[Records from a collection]
------------------------

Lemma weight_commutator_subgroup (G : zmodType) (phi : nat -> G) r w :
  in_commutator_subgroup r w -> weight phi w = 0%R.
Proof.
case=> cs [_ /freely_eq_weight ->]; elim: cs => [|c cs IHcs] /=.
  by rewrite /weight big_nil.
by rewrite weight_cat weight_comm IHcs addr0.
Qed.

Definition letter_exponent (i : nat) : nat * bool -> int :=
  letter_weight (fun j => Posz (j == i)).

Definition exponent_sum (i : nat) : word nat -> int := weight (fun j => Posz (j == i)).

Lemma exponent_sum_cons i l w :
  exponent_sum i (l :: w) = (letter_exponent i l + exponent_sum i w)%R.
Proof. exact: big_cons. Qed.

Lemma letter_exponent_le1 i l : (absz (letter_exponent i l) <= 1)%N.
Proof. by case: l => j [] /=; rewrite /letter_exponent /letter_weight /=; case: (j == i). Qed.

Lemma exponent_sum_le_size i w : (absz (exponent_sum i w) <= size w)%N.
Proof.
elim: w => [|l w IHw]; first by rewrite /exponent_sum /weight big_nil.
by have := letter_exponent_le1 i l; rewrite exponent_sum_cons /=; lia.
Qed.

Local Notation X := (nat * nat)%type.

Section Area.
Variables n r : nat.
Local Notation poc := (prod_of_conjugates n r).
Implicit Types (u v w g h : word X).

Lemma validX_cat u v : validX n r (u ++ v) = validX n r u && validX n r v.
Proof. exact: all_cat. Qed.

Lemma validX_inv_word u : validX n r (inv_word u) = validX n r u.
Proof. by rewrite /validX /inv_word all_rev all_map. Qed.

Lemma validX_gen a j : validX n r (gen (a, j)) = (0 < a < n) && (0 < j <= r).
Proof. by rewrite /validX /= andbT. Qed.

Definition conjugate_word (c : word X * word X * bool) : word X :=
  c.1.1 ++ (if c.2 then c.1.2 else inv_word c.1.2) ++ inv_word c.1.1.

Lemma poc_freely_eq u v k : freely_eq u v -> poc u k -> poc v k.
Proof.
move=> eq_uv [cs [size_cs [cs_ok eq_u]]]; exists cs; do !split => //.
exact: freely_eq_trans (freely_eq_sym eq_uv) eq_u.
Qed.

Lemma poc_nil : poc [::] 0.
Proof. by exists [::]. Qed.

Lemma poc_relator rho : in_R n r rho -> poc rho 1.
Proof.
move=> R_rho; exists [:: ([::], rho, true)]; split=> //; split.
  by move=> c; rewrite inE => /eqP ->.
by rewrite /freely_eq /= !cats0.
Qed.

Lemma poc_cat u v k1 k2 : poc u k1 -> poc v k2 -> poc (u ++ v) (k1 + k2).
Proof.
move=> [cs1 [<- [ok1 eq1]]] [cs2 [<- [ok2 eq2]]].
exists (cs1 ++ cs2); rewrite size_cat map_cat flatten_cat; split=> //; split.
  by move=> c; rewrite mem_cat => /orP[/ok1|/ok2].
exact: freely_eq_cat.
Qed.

------------------------

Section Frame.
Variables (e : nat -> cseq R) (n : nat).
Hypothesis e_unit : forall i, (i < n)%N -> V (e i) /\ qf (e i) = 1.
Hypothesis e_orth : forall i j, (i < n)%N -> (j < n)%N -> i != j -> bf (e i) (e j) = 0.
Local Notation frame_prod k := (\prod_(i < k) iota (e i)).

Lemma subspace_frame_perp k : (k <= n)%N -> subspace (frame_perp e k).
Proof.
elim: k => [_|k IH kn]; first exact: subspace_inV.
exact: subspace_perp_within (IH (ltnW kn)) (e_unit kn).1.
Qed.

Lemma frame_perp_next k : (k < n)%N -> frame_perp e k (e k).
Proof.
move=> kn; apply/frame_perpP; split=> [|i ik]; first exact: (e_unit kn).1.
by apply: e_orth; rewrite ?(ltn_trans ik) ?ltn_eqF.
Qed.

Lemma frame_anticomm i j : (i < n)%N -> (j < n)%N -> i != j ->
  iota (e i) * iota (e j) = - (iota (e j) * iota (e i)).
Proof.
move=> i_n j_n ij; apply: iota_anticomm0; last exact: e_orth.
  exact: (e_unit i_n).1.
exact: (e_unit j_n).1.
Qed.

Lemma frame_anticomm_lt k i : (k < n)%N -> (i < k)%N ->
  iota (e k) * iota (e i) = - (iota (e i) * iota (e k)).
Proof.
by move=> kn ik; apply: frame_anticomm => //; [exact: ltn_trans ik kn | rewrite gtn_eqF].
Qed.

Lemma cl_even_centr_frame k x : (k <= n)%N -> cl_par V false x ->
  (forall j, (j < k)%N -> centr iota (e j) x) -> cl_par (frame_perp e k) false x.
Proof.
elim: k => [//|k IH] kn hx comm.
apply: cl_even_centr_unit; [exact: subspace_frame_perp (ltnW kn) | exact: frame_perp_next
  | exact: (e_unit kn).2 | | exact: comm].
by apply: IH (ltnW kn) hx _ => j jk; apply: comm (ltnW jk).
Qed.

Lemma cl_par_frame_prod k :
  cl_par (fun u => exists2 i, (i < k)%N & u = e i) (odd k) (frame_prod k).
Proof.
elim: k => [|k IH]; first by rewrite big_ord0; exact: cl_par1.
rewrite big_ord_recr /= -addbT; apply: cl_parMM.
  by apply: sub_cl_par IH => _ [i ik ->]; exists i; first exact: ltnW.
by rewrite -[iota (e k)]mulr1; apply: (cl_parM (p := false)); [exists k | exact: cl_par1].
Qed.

------------------------

Begin at the line that has "Hypothesis e_unit : forall" in the entries above; stop after the line that has "Lemma cl_par_frame_prod k". Transcribe exactly those lines and no others.

Hypothesis e_unit : forall i, (i < n)%N -> V (e i) /\ qf (e i) = 1.
Hypothesis e_orth : forall i j, (i < n)%N -> (j < n)%N -> i != j -> bf (e i) (e j) = 0.
Local Notation frame_prod k := (\prod_(i < k) iota (e i)).

Lemma subspace_frame_perp k : (k <= n)%N -> subspace (frame_perp e k).
Proof.
elim: k => [_|k IH kn]; first exact: subspace_inV.
exact: subspace_perp_within (IH (ltnW kn)) (e_unit kn).1.
Qed.

Lemma frame_perp_next k : (k < n)%N -> frame_perp e k (e k).
Proof.
move=> kn; apply/frame_perpP; split=> [|i ik]; first exact: (e_unit kn).1.
by apply: e_orth; rewrite ?(ltn_trans ik) ?ltn_eqF.
Qed.

Lemma frame_anticomm i j : (i < n)%N -> (j < n)%N -> i != j ->
  iota (e i) * iota (e j) = - (iota (e j) * iota (e i)).
Proof.
move=> i_n j_n ij; apply: iota_anticomm0; last exact: e_orth.
  exact: (e_unit i_n).1.
exact: (e_unit j_n).1.
Qed.

Lemma frame_anticomm_lt k i : (k < n)%N -> (i < k)%N ->
  iota (e k) * iota (e i) = - (iota (e i) * iota (e k)).
Proof.
by move=> kn ik; apply: frame_anticomm => //; [exact: ltn_trans ik kn | rewrite gtn_eqF].
Qed.

Lemma cl_even_centr_frame k x : (k <= n)%N -> cl_par V false x ->
  (forall j, (j < k)%N -> centr iota (e j) x) -> cl_par (frame_perp e k) false x.
Proof.
elim: k => [//|k IH] kn hx comm.
apply: cl_even_centr_unit; [exact: subspace_frame_perp (ltnW kn) | exact: frame_perp_next
  | exact: (e_unit kn).2 | | exact: comm].
by apply: IH (ltnW kn) hx _ => j jk; apply: comm (ltnW jk).
Qed.

Lemma cl_par_frame_prod k :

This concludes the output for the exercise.